Burton calls for State pension to be 'doubled'
Welfare benefits to reflect previous salary levels
Social Protection Minister Joan Burton wants to see the State pension doubled and also wants those who lose their jobs to receive benefits reflective of their salaries rather than a basic payment, it has been learnt.
Ms Burton's radical proposals represent the most far reaching reforms of our welfare system in living memory.
This newspaper has learned that under the plans:
* Ms Burton favours the introduction of an income support or income protection system for those who lose their job to get benefits that "reflect their salary levels" rather than a base payment for a "limited time period" – similar to what was the case in Ireland several decades ago.
* She wants the contributory system made available not just to employees but to the self-employed.
* Ms Burton also wants the Irish State pension doubled from €12,000 a year to €24,000, for which people will contribute throughout their working lives.

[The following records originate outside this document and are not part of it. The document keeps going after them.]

Lemma return_prob_lt_1 (x : Z) : escapes x x -> Rbar_lt (return_prob Gamma lam x) 1.
Proof.
  intros [d [Hd Hn]]. unfold return_prob.
  apply Rbar_le_lt_trans with (Finite (1 - d)); [|simpl; lra].
  rewrite <- Lim_seq_const. apply Lim_seq_le_loc. exists O. intros n _. apply Hn.
Qed.

End JumpChain.

Lemma hitF_le_superharmonic (S : Z -> Prop) (Gamma : list Z) (lam : Z -> Z -> R)
  (lam_nonneg : forall eta x, 0 <= lam eta x)
  (lam_S : forall eta x, S x -> ~ S (x + eta)%Z -> lam eta x = 0)
  (x M : Z) (f : Z -> R) (a : R) :
  (x < M)%Z -> S x -> 0 < a ->
  (forall z, S z -> 0 <= f z) ->
  (forall z, S z -> (z < M)%Z -> a <= f z) ->
  (forall y, S y -> (M <= y)%Z ->
     sumL Gamma (fun e => jump_prob Gamma lam y e * f (y + e)%Z) <= f y) ->
  forall n y, S y -> (M <= y)%Z -> hitF Gamma lam x n y <= f y / a.
Proof.
  intros HxM Hx Ha Hf0 Hfa Hsuper.
  assert (Hfa1 : forall z, S z -> (z < M)%Z -> 1 <= f z / a).
  { intros z Hz HzM. apply (Rmult_le_reg_r a); auto.
    unfold Rdiv. rewrite Rmult_assoc, Rinv_l, Rmult_1_r by lra. pose proof (Hfa z Hz HzM). lra. }
  induction n as [|n IH]; intros y Hy HMy.
  { apply Rdiv_le_0_compat; auto. }
  rewrite hitF_succ. eapply Rle_trans.
  2:{ unfold Rdiv. apply Rmult_le_compat_r; [left; apply Rinv_0_lt_compat; lra|].
      apply (Hsuper y Hy HMy). }
  rewrite <- sumL_mulr. apply sumL_le. intros e _.
  rewrite Rmult_assoc.
  destruct (Req_dec (jump_prob Gamma lam y e) 0) as [Hp|Hp]; [rewrite Hp, !Rmult_0_l; lra|].
  apply Rmult_le_compat_l; [apply jump_prob_nonneg; auto|].
  assert (HSe : S (y + e)%Z).
  { apply NNPP. intros HSe. apply Hp. unfold jump_prob.
    rewrite (lam_S e y Hy HSe). destruct Z.eq_dec; unfold Rdiv; ring. }
  destruct Z.eq_dec as [E|E]; [rewrite E; apply Hfa1; auto|].
  destruct (Z_lt_le_dec (y + e) M) as [HeM|HeM].
  - pose proof (hitF_bounds Gamma lam lam_nonneg x n (y + e)). pose proof (Hfa1 _ HSe HeM). lra.
  - apply IH; auto.
Qed.

(* Multiplying the generator applied to [1 / ln ln] at [Y] by [Y^2 (ln Y)^2 (ln ln Y)^2], the
   expansion [inv_lnln_mul_1p_le] together with [H1 >= c] bounds it by [v] times the left-hand side
   of the last inequality minus [c]; here [K] bounds the jump sizes. *)
Definition lnln_regime (K c Y : R) : Prop :=
  0 < Y /\ 1 <= ln Y /\ 1 <= ln (ln Y) /\ K / Y <= 1/8 /\
  2 * (K / Y) * ln Y + (1 + 4 * (K / Y)) * (1 + K / Y)^2 + 16 * (1 + K / Y)^2 / ln (ln Y) <= c.

Lemma generator_inv_lnln_nonpos (Gamma : list Z) (lam : Z -> Z -> R) (K c : R) (y : Z) :
  (forall eta x, 0 <= lam eta x) ->
  (forall e, In e Gamma -> Rabs (IZR e) <= K) -> 0 <= K ->
  lnln_regime K c (IZR y) -> 0 < halfvar Gamma lam y -> c <= H1 Gamma lam y ->
  sumL Gamma (fun e => lam e y * (/ ln (ln (IZR y + IZR e)) - / ln (ln (IZR y)))) <= 0.
Proof.
  intros lam_nonneg HK HK0 [HY [HL [HLam [Hk Hc]]]] Hv HH.
  set (Y := IZR y) in *. set (L := ln Y) in *. set (Lam := ln L) in *. set (k := K / Y) in *.
  assert (Hk0 : 0 <= k) by (apply Rdiv_le_0_compat; lra).
  set (B := lnln_quad_coef L Lam k).
  eapply Rle_trans.
  { apply sumL_le with (g := fun e => lam e y * (- (IZR e / Y) / (L * Lam^2) + (IZR e / Y)^2 * B)).
    intros e He. apply Rmult_le_compat_l; auto.
    replace (Y + IZR e) with (Y * (1 + IZR e / Y)) by (field; lra).
    apply inv_lnln_mul_1p_le; [exact HY | exact HL | exact HLam | lra |].
    apply Rabs_le_between. unfold Rdiv. rewrite Rabs_mult, Rabs_inv, (Rabs_right Y) by lra.
    apply Rmult_le_compat_r; [left; apply Rinv_0_lt_compat|]; auto. }
  rewrite (sumL_ext Gamma _
    (fun e => IZR e * lam e y * (- / (Y * L * Lam^2)) + IZR e ^ 2 * lam e y * (B / Y^2)))
    by (intros e _; field; lra).
  rewrite sumL_add, !sumL_mulr. fold (drift Gamma lam y).
  replace (sumL Gamma (fun e => IZR e ^ 2 * lam e y)) with (2 * halfvar Gamma lam y)
    by (unfold halfvar; field).
  set (m := drift Gamma lam y) in *. set (v := halfvar Gamma lam y) in *.
  assert (HmH : c * v <= L * (m * Y - v)).
  { unfold H1 in HH. fold m v Y L in HH.
    apply (Rmult_le_reg_r (/ v)); [apply Rinv_0_lt_compat; lra|].
    replace (c * v * / v) with c by (field; lra). exact HH. }
  assert (Hpos : 0 < Y^2 * L^2 * Lam^2) by (apply Rmult_lt_0_compat; [apply Rmult_lt_0_compat|]; nra).
  apply (Rmult_le_reg_r (Y^2 * L^2 * Lam^2)); [exact Hpos|]. rewrite Rmult_0_l.
  replace ((m * - / (Y * L * Lam ^ 2) + 2 * v * (B / Y ^ 2)) * (Y^2 * L^2 * Lam^2))
    with (- m * Y * L + v * ((1 + 2 * k) * L + (1 + 4 * k) * (1 + k)^2 + 16 * (1 + k)^2 / Lam))
    by (unfold B, lnln_quad_coef, k; field; lra).
  nra.
Qed.
(* Let $\rho>1$ and $a,b>0$. Let $(\lambda_k)_{k\in\mathbb{N}}$ be a strictly increasing sequence of positive real numbers such that $$\liminf_{k\to\infty}\frac{\lambda_k}{k^{1/\rho}}<\Big(\frac{2}{b\rho e}\Big)^{1/\rho},$$ and let $\Lambda=\{\pm\lambda_k:k\in\mathbb{N}\}\subset\mathbb{R}$. Then $\Lambda$ is a uniqueness set for $\mathfrak{G}_{a,b,\rho}$: if $f\in\mathfrak{G}_{a,b,\rho}$ and $f(\lambda)=0$ for all $\lambda\in\Lambda$, then $f\equiv 0$ on $\mathbb{C}$.
   Context: For $\rho>1$ and $a,b>0$, $\mathfrak{G}_{a,b,\rho}$ is the set of entire functions $f$ for which there is a constant $C>0$ with $|f(x+iy)|\le Ce^{-a|x|^\rho+b|y|^\rho}$ for all $x,y\in\mathbb{R}$. A set $\Lambda\subset\mathbb{C}$ is a uniqueness set for a linear space $U$ of entire functions if every $f\in U$ vanishing on $\Lambda$ is identically zero. *)

From Stdlib Require Import Reals.
From Coquelicot Require Import Coquelicot.
Open Scope R_scope.

(* |x|^r with the convention 0^r = 0 (Stdlib's Rpower 0 r = 1). *)
Definition abspow (x r : R) : R :=
  match Rle_lt_dec (Rabs x) 0 with
  | left _ => 0
  | right _ => Rpower (Rabs x) r
  end.

Definition entire (f : C -> C) : Prop :=
  forall z : C, @ex_derive C_AbsRing C_NormedModule f z.

Definition Gspace (a b rho : R) (f : C -> C) : Prop :=
  entire f /\
  exists K : R, 0 < K /\
    forall x y : R,
      Cmod (f (RtoC x + Ci * RtoC y)%C) <= K * exp (- a * abspow x rho + b * abspow y rho).

Definition uniqueness_set (U : (C -> C) -> Prop) (Lam : C -> Prop) : Prop :=
  forall f, U f -> (forall z, Lam z -> f z = 0%C) -> forall z, f z = 0%C.

(* Suppose f in G_{a,b,rho} vanishes on Lambda but f(z0) <> 0.  Let r_k = lambda_k + |z0|.
   The closed disc of radius r_k about z0 contains the 2k+2 zeros +-lambda_0, ..., +-lambda_k,
   so Jensen's inequality on the circle of radius e^{1/rho} r_k about z0 gives
     |f(z0)| e^{(2k+2)/rho} <= max |f| <= K exp (b (|z0| + e^{1/rho} r_k)^rho),
   using only the growth of f in the imaginary direction.  If lambda_k < c k^{1/rho} with
   c < c2 < (2/(b rho e))^{1/rho}, the exponent on the right is at most b e c2^rho k for large k,
   and b e c2^rho < 2/rho: the left-hand side wins along such k.

   Jensen's inequality follows from the mean value property by replacing the zeros one at a
   time by their reflections in the circle (Blaschke factors). *)

From Stdlib Require Import Reals Lra Psatz Classical List ZArith.
From Coquelicot Require Import Coquelicot.
Open Scope R_scope.

(* Coquelicot's filter-based notions are only needed to call its integral and its fundamental
   theorem of calculus; everywhere else these explicit epsilon-delta forms are used. *)
Definition cdiff_eps (f : C -> C) (z l : C) : Prop :=
  forall eps, 0 < eps -> exists d, 0 < d /\ forall w, Cmod (w - z) < d ->
    Cmod (f w - f z - l * (w - z))%C <= eps * Cmod (w - z).

Definition rdiff_eps (g : R -> C) (t : R) (l : C) : Prop :=
  forall eps, 0 < eps -> exists d, 0 < d /\ forall u, Rabs (u - t) < d ->
    Cmod (g u - g t - RtoC (u - t) * l)%C <= eps * Rabs (u - t).

Definition rcont (g : R -> C) (t : R) : Prop :=
  forall eps, 0 < eps -> exists d, 0 < d /\ forall u, Rabs (u - t) < d ->
    Cmod (g u - g t)%C < eps.

Definition ccont (f : C -> C) (z : C) : Prop :=
  forall eps, 0 < eps -> exists d, 0 < d /\ forall w, Cmod (w - z) < d ->
    Cmod (f w - f z)%C < eps.

Lemma Cmod_le_sum (z : C) : Cmod z <= Rabs (fst z) + Rabs (snd z).
Proof.
  unfold Cmod. apply Rsqr_incr_0_var.
  - rewrite Rsqr_sqrt by nra. unfold Rsqr.
    pose proof (Rabs_pos (fst z)); pose proof (Rabs_pos (snd z)).
    rewrite <- (pow2_abs (fst z)), <- (pow2_abs (snd z)). nra.
  - pose proof (Rabs_pos (fst z)); pose proof (Rabs_pos (snd z)). lra.
Qed.

Lemma Cmod_fst (z : C) : Rabs (fst z) <= Cmod z.
Proof. apply re_le_Cmod. Qed.

Lemma Cmod_snd (z : C) : Rabs (snd z) <= Cmod z.
Proof. pose proof (Rmax_Cmod z). pose proof (Rmax_r (Rabs (fst z)) (Rabs (snd z))). lra. Qed.

Lemma Rle_eps_eq_0 (x : R) : 0 <= x -> (forall e, 0 < e -> x <= e) -> x = 0.
Proof. intros H1 H2. destruct (Req_dec x 0); auto. specialize (H2 (x / 2)). lra. Qed.

Lemma Rabs_sub_le_between a b t : Rmin a b <= t <= Rmax a b -> Rabs (t - a) <= Rabs (b - a).
Proof.
  unfold Rmin, Rmax. intros Ht. destruct (Rle_dec a b); apply Rabs_le;
    unfold Rabs; destruct (Rcase_abs (b - a)); lra.
Qed.

Lemma prod_norm_Cmod (z : C) : @norm R_AbsRing C_R_NormedModule z = Cmod z.
Proof.
  change (sqrt (Rabs (fst z) ^ 2 + Rabs (snd z) ^ 2) = Cmod z).
  unfold Cmod. rewrite !pow2_abs. reflexivity.
Qed.

Lemma ball_C (z w : C) (e : R) : Cmod (w - z) < e -> ball z e w.
Proof. intro H. apply C_NormedModule_mixin_compat1. exact H. Qed.

Lemma is_derive_cdiff_eps (f : C -> C) z l :
  @is_derive C_AbsRing C_NormedModule f z l -> cdiff_eps f z l.
Proof.
  intros [_ H] eps Heps.
  assert (Hz : is_filter_lim (locally z) z) by (intros P HP; exact HP).
  specialize (H z Hz (mkposreal eps Heps)).
  destruct H as [d Hd].
  exists (d / 2). split. { destruct d; simpl; lra. }
  intros w Hw. rewrite Cmult_comm. apply (Hd w). change (Cmod (w - z) < d). destruct d; simpl in *; lra.
Qed.

Lemma entire_cdiff_eps (f : C -> C) : entire f -> forall z, exists l, cdiff_eps f z l.
Proof.
  intros H z. destruct (H z) as [l Hl]. exists l. now apply is_derive_cdiff_eps.
Qed.

Lemma rdiff_eps_is_derive (g : R -> C) t l :
  rdiff_eps g t l -> @is_derive R_AbsRing C_R_NormedModule g t l.
Proof.
  intros H. split.
  - apply is_linear_scal_l.
  - intros x Hx. apply (@is_filter_lim_locally_unique R_AbsRing R_NormedModule) in Hx. subst x.
    intros eps. destruct (H eps (cond_pos eps)) as [d [Hd Hd']].
    exists (mkposreal d Hd). intros u Hu. simpl in Hu.
    unfold AbsRing_ball, abs, minus, plus, opp in Hu; simpl in Hu.
    rewrite !prod_norm_Cmod.
    specialize (Hd' u Hu).
    change (norm (minus u t)) with (Rabs (u - t)).
    match goal with |- Cmod ?X <= _ => assert (E : X = (g u - g t - RtoC (u - t) * l)%C) end.
    { destruct (g u), (g t), l. unfold minus, plus, opp, scal; simpl.
      unfold prod_plus, prod_opp, prod_scal; simpl. unfold mult, plus, opp; simpl.
      unfold Cminus, Cplus, Copp, Cmult, RtoC; simpl. unfold scal; simpl. unfold mult; simpl.
      f_equal; ring. }
    rewrite E. exact Hd'.
Qed.

Lemma rcont_continuous (g : R -> C) t :
  rcont g t -> @continuous R_UniformSpace C_UniformSpace g t.
Proof.
  intros H. apply filterlim_locally. intros eps.
  destruct (H eps (cond_pos eps)) as [d [Hd Hd']].
  exists (mkposreal d Hd). intros u Hu. apply ball_C. apply Hd'. exact Hu.
Qed.

Definition CRInt (g : R -> C) (a b : R) : C := @RInt C_R_CompleteNormedModule g a b.
Definition ex_CRInt (g : R -> C) (a b : R) : Prop := @ex_RInt C_R_NormedModule g a b.
Definition is_CRInt (g : R -> C) (a b : R) (I : C) : Prop := @is_RInt C_R_NormedModule g a b I.

Lemma ex_CRInt_cont g a b : (forall t, Rmin a b <= t <= Rmax a b -> rcont g t) -> ex_CRInt g a b.
Proof.
  intros H. unfold ex_CRInt.
  apply (@ex_RInt_continuous C_R_CompleteNormedModule).
  intros t Ht. apply rcont_continuous. now apply H.
Qed.

Lemma CRInt_correct g a b : ex_CRInt g a b -> is_CRInt g a b (CRInt g a b).
Proof. intros H. apply (@RInt_correct C_R_CompleteNormedModule). exact H. Qed.

Lemma CRInt_unique g a b I : is_CRInt g a b I -> CRInt g a b = I.
Proof. intros H. apply (@is_RInt_unique C_R_CompleteNormedModule). exact H. Qed.

Lemma is_CRInt_plus g h a b I J : is_CRInt g a b I -> is_CRInt h a b J ->
  is_CRInt (fun t => g t + h t)%C a b (I + J)%C.
Proof. intros H1 H2. apply (@is_RInt_plus C_R_NormedModule g h a b I J H1 H2). Qed.

Lemma is_CRInt_minus g h a b I J : is_CRInt g a b I -> is_CRInt h a b J ->
  is_CRInt (fun t => g t - h t)%C a b (I - J)%C.
Proof. intros H1 H2. apply (@is_RInt_minus C_R_NormedModule g h a b I J H1 H2). Qed.

Lemma is_CRInt_ext g h a b I : (forall t, Rmin a b < t < Rmax a b -> g t = h t) ->
  is_CRInt g a b I -> is_CRInt h a b I.
Proof. intros E H. apply (@is_RInt_ext C_R_NormedModule g h a b I E H). Qed.

Lemma is_CRInt_scal g a b I (c : C) : is_CRInt g a b I -> is_CRInt (fun t => c * g t)%C a b (c * I)%C.
Proof.
  intros H.
  assert (H1 := @is_RInt_fct_extend_fst R_NormedModule R_NormedModule g a b I H).
  assert (H2 := @is_RInt_fct_extend_snd R_NormedModule R_NormedModule g a b I H).
  destruct c as [c1 c2].
  apply (@is_RInt_fct_extend_pair R_NormedModule R_NormedModule (fun t => ((c1,c2) * g t)%C) a b).
  - simpl.
    apply (@is_RInt_ext R_NormedModule (fun t => minus (scal c1 (fst (g t))) (scal c2 (snd (g t))))).
    { intros t _. unfold minus, plus, opp, scal; simpl. unfold mult; simpl. ring. }
    replace (c1 * fst I - c2 * snd I) with (@minus R_NormedModule (scal c1 (fst I)) (scal c2 (snd I))).
    2:{ unfold minus, plus, opp, scal; simpl. unfold mult; simpl. ring. }
    apply (@is_RInt_minus R_NormedModule); apply (@is_RInt_scal R_NormedModule); assumption.
  - simpl.
    apply (@is_RInt_ext R_NormedModule (fun t => plus (scal c1 (snd (g t))) (scal c2 (fst (g t))))).
    { intros t _. unfold minus, plus, opp, scal; simpl. unfold mult; simpl. ring. }
    replace (c1 * snd I + c2 * fst I) with (@plus R_NormedModule (scal c1 (snd I)) (scal c2 (fst I))).
    2:{ unfold minus, plus, opp, scal; simpl. unfold mult; simpl. ring. }
    apply (@is_RInt_plus R_NormedModule); apply (@is_RInt_scal R_NormedModule); assumption.
Qed.

Lemma is_CRInt_const a b (c : C) : is_CRInt (fun _ => c) a b (RtoC (b - a) * c)%C.
Proof.
  unfold is_CRInt. 
  replace (RtoC (b - a) * c)%C with (@scal R_AbsRing C_R_NormedModule (b - a) c).
  - apply (@is_RInt_const C_R_NormedModule).
  - destruct c. unfold scal; simpl. unfold prod_scal; simpl. unfold scal; simpl; unfold mult; simpl.
    unfold Cmult, RtoC; simpl. f_equal; ring.
Qed.

Lemma is_CRInt_Chasles g a b c I J : is_CRInt g a b I -> is_CRInt g b c J -> is_CRInt g a c (I + J)%C.
Proof. intros H1 H2. apply (@is_RInt_Chasles C_R_NormedModule g a b c I J H1 H2). Qed.

Lemma is_CRInt_point g a : is_CRInt g a a 0%C.
Proof. apply (@is_RInt_point C_R_NormedModule). Qed.

Lemma is_CRInt_swap g a b I : is_CRInt g a b I -> is_CRInt g b a (- I)%C.
Proof. intros H. apply (@is_RInt_swap C_R_NormedModule). exact H. Qed.
(* Let $\beta>0$ be a constant and let $x_{1:n}\in\mathcal X^n$ ($n\ge 1$) be any sequence, with used alphabet $\mathcal A$ of size $m$ and counts $n_j$. Then the redundancy of $S^\beta$ satisfies the exact identity $$R^\beta_S(x_{1:n}) = \mathrm{CL}_w(\mathcal A) - m\ln\beta + \sum_{j\in\mathcal A}\ln\frac{n_j^{n_j}}{\Gamma(n_j)} + \ln\frac{\Gamma(n+\beta)}{n^n\,\Gamma(\beta)},$$ and the upper bound $R^\beta_S(x_{1:n})\le \overline R^\beta_S$, where $$\overline R^\beta_S := \mathrm{CL}_w(\mathcal A) - m\ln\beta + \sum_{j\in\mathcal A}\tfrac12\ln\frac{n_j}{2\pi} + n\ln\Big(1+\frac{\beta}{n}\Big) + \Big(\beta-\tfrac12\Big)\ln\Big(\frac{n}{\beta}+1\Big) + \big(1-\ln\sqrt{2\pi}\big).$$ If moreover $\beta\ge 1$, then also $R^\beta_S(x_{1:n})\ge \overline R^\beta_S - (1-\ln\sqrt{2\pi})(m+2)$.
   Context: Let $\mathcal X$ be a finite base alphabet with $D=|\mathcal X|$. For a sequence $x_{1:n}=(x_1,\dots,x_n)\in\mathcal X^n$, let $n_i$ be the number of occurrences of $i$ in $x_{1:n}$, $\mathcal A=\{x_1,\dots,x_n\}$ the set of used symbols and $m=|\mathcal A|$. For $0\le t\le n$ let $\mathcal A_t=\{x_1,\dots,x_t\}$ ($\mathcal A_0=\emptyset$), $m_t=|\mathcal A_t|$, and $n^t_i$ the number of occurrences of $i$ in $x_{1:t}$. New-symbol weights: for each $t$ and each $i\in\mathcal X\setminus\mathcal A_t$ a number $w^t_i>0$ with $\sum_{k\in\mathcal X\setminus\mathcal A_t}w^t_k\le 1$. For a constant $\beta>0$ the model $S^\beta$ is defined by $S^\beta(x_{t+1}=i\mid x_{1:t})=n^t_i/(t+\beta)$ if $n^t_i>0$ and $=\beta w^t_i/(t+\beta)$ if $n^t_i=0$ ($t=0,\dots,n-1$), and $S^\beta(x_{1:n})=\prod_{t=0}^{n-1}S^\beta(x_{t+1}\mid x_{1:t})$. Define $\mathrm{CL}_w(\mathcal A):=\sum_{t\in\{0,\dots,n-1\}:\,x_{t+1}\notin\mathcal A_t}\ln(1/w^t_{x_{t+1}})$. The redundancy of a (sub)probability $Q$ on sequences relative to the i.i.d. class is $R_Q(x_{1:n}) := \ln\frac{\max_{\theta}\prod_{t=1}^n\theta_{x_t}}{Q(x_{1:n})} = \ln\frac{n^{-n}\prod_{j\in\mathcal A}n_j^{n_j}}{Q(x_{1:n})}$, the max over probability vectors $\theta$ on $\mathcal X$; $R^\beta_S:=R_{S^\beta}$. All logarithms are natural. *)

From Stdlib Require Import Arith Reals Lra Lia ClassicalEpsilon List.
Open Scope R_scope.

Fixpoint rsum (k : nat) (f : nat -> R) : R :=
  match k with O => 0 | S k' => rsum k' f + f k' end.
Fixpoint rprod (k : nat) (f : nat -> R) : R :=
  match k with O => 1 | S k' => rprod k' f * f k' end.

(** Euler's Gamma function, defined (for x > 0) as the limit of Gauss'
    product  k! k^x / (x (x+1) ... (x+k)). *)
Definition gauss_seq (x : R) (k : nat) : R :=
  INR (Factorial.fact k) * Rpower (INR k) x / rprod (S k) (fun i => x + INR i).
Definition Gamma (x : R) : R :=
  epsilon (inhabits 0) (fun g => Un_cv (gauss_seq x) g).

(** The alphabet is {0, ..., D-1}; a sequence x_{1:n} is encoded as
    x : nat -> nat, with x_{t+1} = x t for t = 0..n-1. *)

Fixpoint cnt (x : nat -> nat) (t i : nat) : nat :=
  match t with
  | O => O
  | S t' => (cnt x t' i + (if Nat.eqb (x t') i then 1 else 0))%nat
  end.

Definition sumA (D n : nat) (x : nat -> nat) (f : nat -> R) : R :=
  rsum D (fun j => if Nat.ltb 0 (cnt x n j) then f j else 0).
Definition prodA (D n : nat) (x : nat -> nat) (f : nat -> R) : R :=
  rprod D (fun j => if Nat.ltb 0 (cnt x n j) then f j else 1).

Definition msize (D n : nat) (x : nat -> nat) : nat :=
  length (List.filter (fun j => Nat.ltb 0 (cnt x n j)) (List.seq 0 D)).

Definition Scond (beta : R) (w : nat -> nat -> R) (x : nat -> nat) (t : nat) : R :=
  if Nat.ltb 0 (cnt x t (x t))
  then INR (cnt x t (x t)) / (INR t + beta)
  else beta * w t (x t) / (INR t + beta).

Definition Sbeta (beta : R) (w : nat -> nat -> R) (x : nat -> nat) (n : nat) : R :=
  rprod n (Scond beta w x).
Lemma odd_norm_newton_weight m c x : Nat.odd m = true -> odd_norm c -> odd_norm x ->
  odd_norm (newton_weight m c x).
Proof.
  intros Hm Hc Hx. unfold newton_weight.
  repeat apply odd_norm_mul; auto using odd_norm_zint_nat, odd_norm_pow.
Qed.

Lemma pow_taylor_even m x h : (1 <= m)%nat ->
  exists R, (x + h) ^ (2 * m) =
    x ^ (2 * m) + zint 2 * zint (Z.of_nat m) * x ^ (2 * m - 1) * h + h * h * R.
Proof.
  intros Hm. destruct (pow_taylor x h (2 * m - 1)) as [R HR]. exists R.
  replace (2 * m)%nat with (S (2 * m - 1)) by lia. rewrite HR.
  replace (S (2 * m - 1)) with (2 * m)%nat by lia. rewrite Nat2Z.inj_mul, zint_mul. ring.
Qed.

Lemma newton_correction (M : Z) m c T x w : (4 | M)%Z -> Nat.odd m = true ->
  odd_norm c -> odd_norm x -> c * x ^ (2 * m) + T = zint (2 * M) * w ->
  cong (4 * M) (c * (x - zint M * (w * newton_weight m c x)) ^ (2 * m) + T) (0, 0).
Proof.
  intros [q ->] Hm Hc Hx HF.
  destruct (odd_norm_sq_cong _ (odd_norm_newton_weight m c x Hm Hc Hx)) as [g Hg].
  destruct m as [|m']; [discriminate|].
  destruct (pow_taylor_even (S m') x (- (zint (q * 4) * (w * newton_weight (S m') c x))) ltac:(lia))
    as [R HR].
  unfold zq_sub. rewrite HR.
  set (W := newton_weight (S m') c x) in *.
  exists (- (w * g) + zint q * (c * w * w * W * W * R)).
  transitivity (c * x ^ (2 * S m') + T - zint (q * 8) * w * (W * W)
                + zint (q * 4 * (q * 4)) * (c * w * w * W * W * R)).
  { unfold W, newton_weight. rewrite !zint_mul. ring. }
  rewrite HF, Hg, !zint_mul. ring.
Qed.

She feels that as more companies are looking to the State to provide benefits, people would contribute as they do currently in private schemes.
* There will be tougher penalties for those caught defrauding or cheating the welfare system.
Under her plans, if someone who was earning a salary of €70,000 a year was made redundant, rather than just receiving an €188-a-week Jobseeker payment, that person would receive benefits that would "reflect" their salary level – for a limited time.
The principle of the system is that during your employment, you would contribute to a State fund. One of the major complaints about the current system is the lack of benefits for self-employed people, but Ms Burton is adamant that they would be included.
In relation to pensions, a similarly contributory system would apply and people would pay into a fund throughout their working life, and would obtain a "much fairer" pension on retirement. It is clear from her plans that Ms Burton wants to include a provision to preclude the State from raiding the fund, as happened with the National Pension Reserve Fund in 2009.
Her social welfare and pension reforms would "take several years to introduce and could only be done when incomes improve", but need to be introduced to tackle "substantial legacy issues" in the benefit system.
Ms Burton has also sought to have major State infrastructural projects hire people who are on the Live Register, especially those in the construction sector, rather than simply taking people who are already in employment.
Key to her plans is the ongoing crackdown on fraud and abuse of the welfare system. While numbers engaging in such activity are small, they undermine the "social solidarity" which is "at the heart of the welfare system".
Since 2006, the annual welfare spend has spiked from €13bn to more than €20bn last year. Ms Burton is under pressure to make further cuts of €440m in the upcoming budget, but she has suggested that she may not be able to make that target.